What you should do ->
Every line holding the string "true" is to be copied from the entries below.

(Dataset excerpts)

Lemma gather_phase N t C lo hi : (K <= t)%nat -> (t + N < T)%nat -> cluster (st t) C lo hi ->
  (1 - lo) + (s - d) * INR (n_outsiders C) <= INR N * (s - d) ->
  exists t', (t <= t' <= t + N)%nat /\
    exists C' lo' hi', cluster (st t') C' lo' hi' /\ forall i, (i < n)%nat -> C' i = true.
Proof.
  intros HKt HtT HC Hv.
  apply (potential_descent
    (fun t' w => exists C lo hi, cluster (st t') C lo hi /\
                 (1 - lo) + (s - d) * INR (n_outsiders C) <= w)
    _ (s - d) N t ((1 - lo) + (s - d) * INR (n_outsiders C)) ltac:(lra));
    [|exists C, lo, hi; split; [exact HC|apply Rle_refl]|exact Hv].
  intros t' w Ht' [C' [lo' [hi' [HC' Hw]]]].
  destruct (classic (exists p, (p < n)%nat /\ C' p = false)) as [Hout|Hnone].
  - right.
    destruct (cluster_progress eta d z s d_pos d_r s_gt_d s_reach (st t') (uu t') (bb t')
      C' lo' hi' (st_in01 t') HC' (uu_ctrl t' ltac:(lia)) (bb_bounded t' ltac:(lia)) Hout)
      as [C'' [lo'' [hi'' [HC'' Hdrop]]]].
    rewrite <- st_succ in HC''.
    pose proof (cluster_lo_le_1 _ _ _ _ HC'' (st_in01 (S t'))).
    pose proof (pos_INR (n_outsiders C'')).
    assert (0 <= (s - d) * INR (n_outsiders C'')) by (apply Rmult_le_pos; lra).
    split; [lra|]. exists C'', lo'', hi''. split; [exact HC''|lra].
  - left. exists C', lo', hi'. split; [exact HC'|].
    intros i Hi. destruct (C' i) eqn:Ci; [reflexivity|]. exfalso. apply Hnone. eauto.
Qed.

Lemma converge_phase N t C lo hi : (K <= t)%nat -> (t + N < T)%nat -> 0 <= z <= 1 ->
  cluster (st t) C lo hi -> (forall i, (i < n)%nat -> C i = true) ->
  (forall i, (i < n)%nat -> Rabs (st t i - z) <= s + INR N * (s - d)) ->
  exists t', (t < t' <= t + N + 1)%nat /\ forall i, (i < n)%nat -> Rabs (st t' i - z) <= d.
Proof.
  intros HKt HtT Hz HC Hall HD.
  destruct (potential_descent
    (fun t' w => exists lo hi, cluster (st t') C lo hi /\
                 forall i, (i < n)%nat -> Rabs (st t' i - z) <= s + w)
    (fun t' => forall i, (i < n)%nat -> Rabs (st (S t') i - z) <= d)
    (s - d) N t (INR N * (s - d)) ltac:(lra)) as [t' [Ht' Hreach]];
    [|exists lo, hi; split; assumption|apply Rle_refl|exists (S t'); split; [lia|exact Hreach]].
  intros t' w Ht' [lo' [hi' [HC' Hw]]].
  destruct (consensus_progress eta d z s d_pos d_r s_gt_d s_reach (st t') (uu t') (bb t')
    C lo' hi' (st_in01 t') HC' (uu_ctrl t' ltac:(lia)) (bb_bounded t' ltac:(lia))
    (s + w) Hz Hall Hw)
    as [Hdone|[Hpos [lo'' [hi'' [HC'' Hcloser]]]]].
  - left. rewrite st_succ. exact Hdone.
  - right. split; [lra|]. exists lo'', hi''. rewrite st_succ. split; [exact HC''|].
    intros i Hi. specialize (Hcloser i Hi). lra.
Qed.

Lemma trajectory_reaches N2 N3 : (2 <= n)%nat -> 1 / INR (n - 1) <= r -> 0 <= z <= 1 ->
  (K + N2 + N3 < T)%nat -> 1 <= INR K * Rmin ((eta - 2 * d) / 2) r ->
  1 + (s - d) * INR n <= INR N2 * (s - d) -> 1 <= s + INR N3 * (s - d) ->
  exists t, (K < t <= K + N2 + N3 + 1)%nat /\ forall i, (i < n)%nat -> Rabs (st t i - z) <= d.
Proof.
  intros Hn Hpair Hz HT HK HN2 HN3.
  assert (Hlow : low 0 (st K)).
  { pose proof (descent_phase ltac:(lia) K (le_n K)) as Hlow.
    rewrite Rmax_left in Hlow by lra. exact Hlow. }
  pose proof (cluster_at_bottom (st K) (st_in01 K) Hlow
    (exists_close_pair n r (st K) Hn (st_in01 K) Hpair)) as HC0.
  destruct (gather_phase N2 K _ 0 0 (le_n K) ltac:(lia) HC0) as [t1 [Ht1 [C [lo [hi [HC Hall]]]]]].
  { assert (Hcnt : INR (n_outsiders (fun j => if Rle_dec (st K j) 0 then true else false)) <= INR n)
      by (apply le_INR; unfold n_outsiders; rewrite <- (length_seq n 0) at 2;
          apply filter_length_le).
    assert (0 <= s - d) by lra. nra. }
  destruct (converge_phase N3 t1 C lo hi ltac:(lia) ltac:(lia) Hz HC Hall) as [t2 [Ht2 Hnear]].
  { intros i Hi. pose proof (st_in01 t1 i Hi). split_Rabs; lra. }
  exists t2. split; [lia|exact Hnear].
Qed.

End Trajectory.

End Protocol.

Theorem lemma10 (n : nat) (eta r z alpha : R) :
  (3 <= n)%nat -> 0 < eta -> 0 < r <= 1 -> 1 / INR (n - 1) <= r ->
  0 <= z <= 1 -> 0 < alpha ->
  ftrr n (fun _ => r) eta (Sset n z alpha).
Proof.
  intros Hn Heta [Hr _] Hpair Hz Halpha.
  set (d := Rmin (eta / 8) (Rmin (r / 2) (alpha / 2))).
  assert (Hd : 0 < d /\ 8 * d <= eta /\ 2 * d <= r /\ 2 * d <= alpha).
  { unfold d. pose proof (Rmin_l (r / 2) (alpha / 2)). pose proof (Rmin_r (r / 2) (alpha / 2)).
    pose proof (Rmin_l (eta / 8) (Rmin (r / 2) (alpha / 2))).
    pose proof (Rmin_r (eta / 8) (Rmin (r / 2) (alpha / 2))).
    repeat split; try lra. repeat apply Rmin_case; lra. }
  set (s := (eta - 5 * d) / 2).
  assert (Hs : d < s /\ s + 2 * d <= (eta - d) / 2) by (unfold s; lra).
  destruct (exists_nat_mult_ge 1 (Rmin ((eta - 2 * d) / 2) r) ltac:(apply Rmin_glb_lt; lra))
    as [K HK].
  destruct (exists_nat_mult_ge (1 + (s - d) * INR n) (s - d) ltac:(lra)) as [N2 HN2].
  destruct (exists_nat_mult_ge 1 (s - d) ltac:(lra)) as [N3 HN3].
  exists (K + N2 + N3 + 1)%nat, d. split; [lia|]. split; [lra|].
  intros x0 Hx0. right.
  set (ul := fun t h (j i : nat) =>
    if (t <? K)%nat then - (eta - d) else ctrl n r eta d z s (cur x0 h) i).
  exists (fun _ _ _ => d), ul. split.
  { intros t h i _ _. split; [lra|]. intros j _ _. unfold ul. destruct (t <? K)%nat; [lra|].
    unfold ctrl, steer. match goal with |- context [clip ?w ?y] => pose proof (clip_bound w y) end.
    split_Rabs; lra. }
  intros b Hb.
  set (uu := fun t => ul t (hist n (fun _ => r) ul b x0 t)).
  assert (Hdown : forall t, (t < K)%nat -> forall j i, uu t j i = - (eta - d))
    by (intros t Ht j i; unfold uu, ul; rewrite (proj2 (Nat.ltb_lt t K) Ht); reflexivity).
  assert (Hctrl : forall t, (K <= t)%nat -> forall j i,
                    uu t j i = ctrl n r eta d z s (state n (fun _ => r) ul b x0 t) i)
    by (intros t Ht j i; unfold uu, ul; rewrite (proj2 (Nat.ltb_ge t K) Ht); reflexivity).
  destruct (trajectory_reaches n r (Rlt_le _ _ Hr) eta d z s K (K + N2 + N3 + 1)
    (state n (fun _ => r) ul b x0) uu b ltac:(lra) ltac:(lra) ltac:(lra) ltac:(lra)
    (fun t => state_in01 n _ ul b x0 t Hx0) (state_succ n _ ul b x0)
    (fun t Ht i j Hi Hj Hji => Hb t i j Ht Hi Hj Hji) Hdown Hctrl N2 N3 ltac:(lia) Hpair Hz
    ltac:(lia) HK HN2 ltac:(lra)) as [t [Ht Hnear]].
  exists t. split; [lia|]. split; [apply state_in01, Hx0|].
  intros i Hi. pose proof (Hnear i Hi). lra.
Qed.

Task response ->
    exists C' lo' hi', cluster (st t') C' lo' hi' /\ forall i, (i < n)%nat -> C' i = true.
  cluster (st t) C lo hi -> (forall i, (i < n)%nat -> C i = true) ->
  { assert (Hcnt : INR (n_outsiders (fun j => if Rle_dec (st K j) 0 then true else false)) <= INR n)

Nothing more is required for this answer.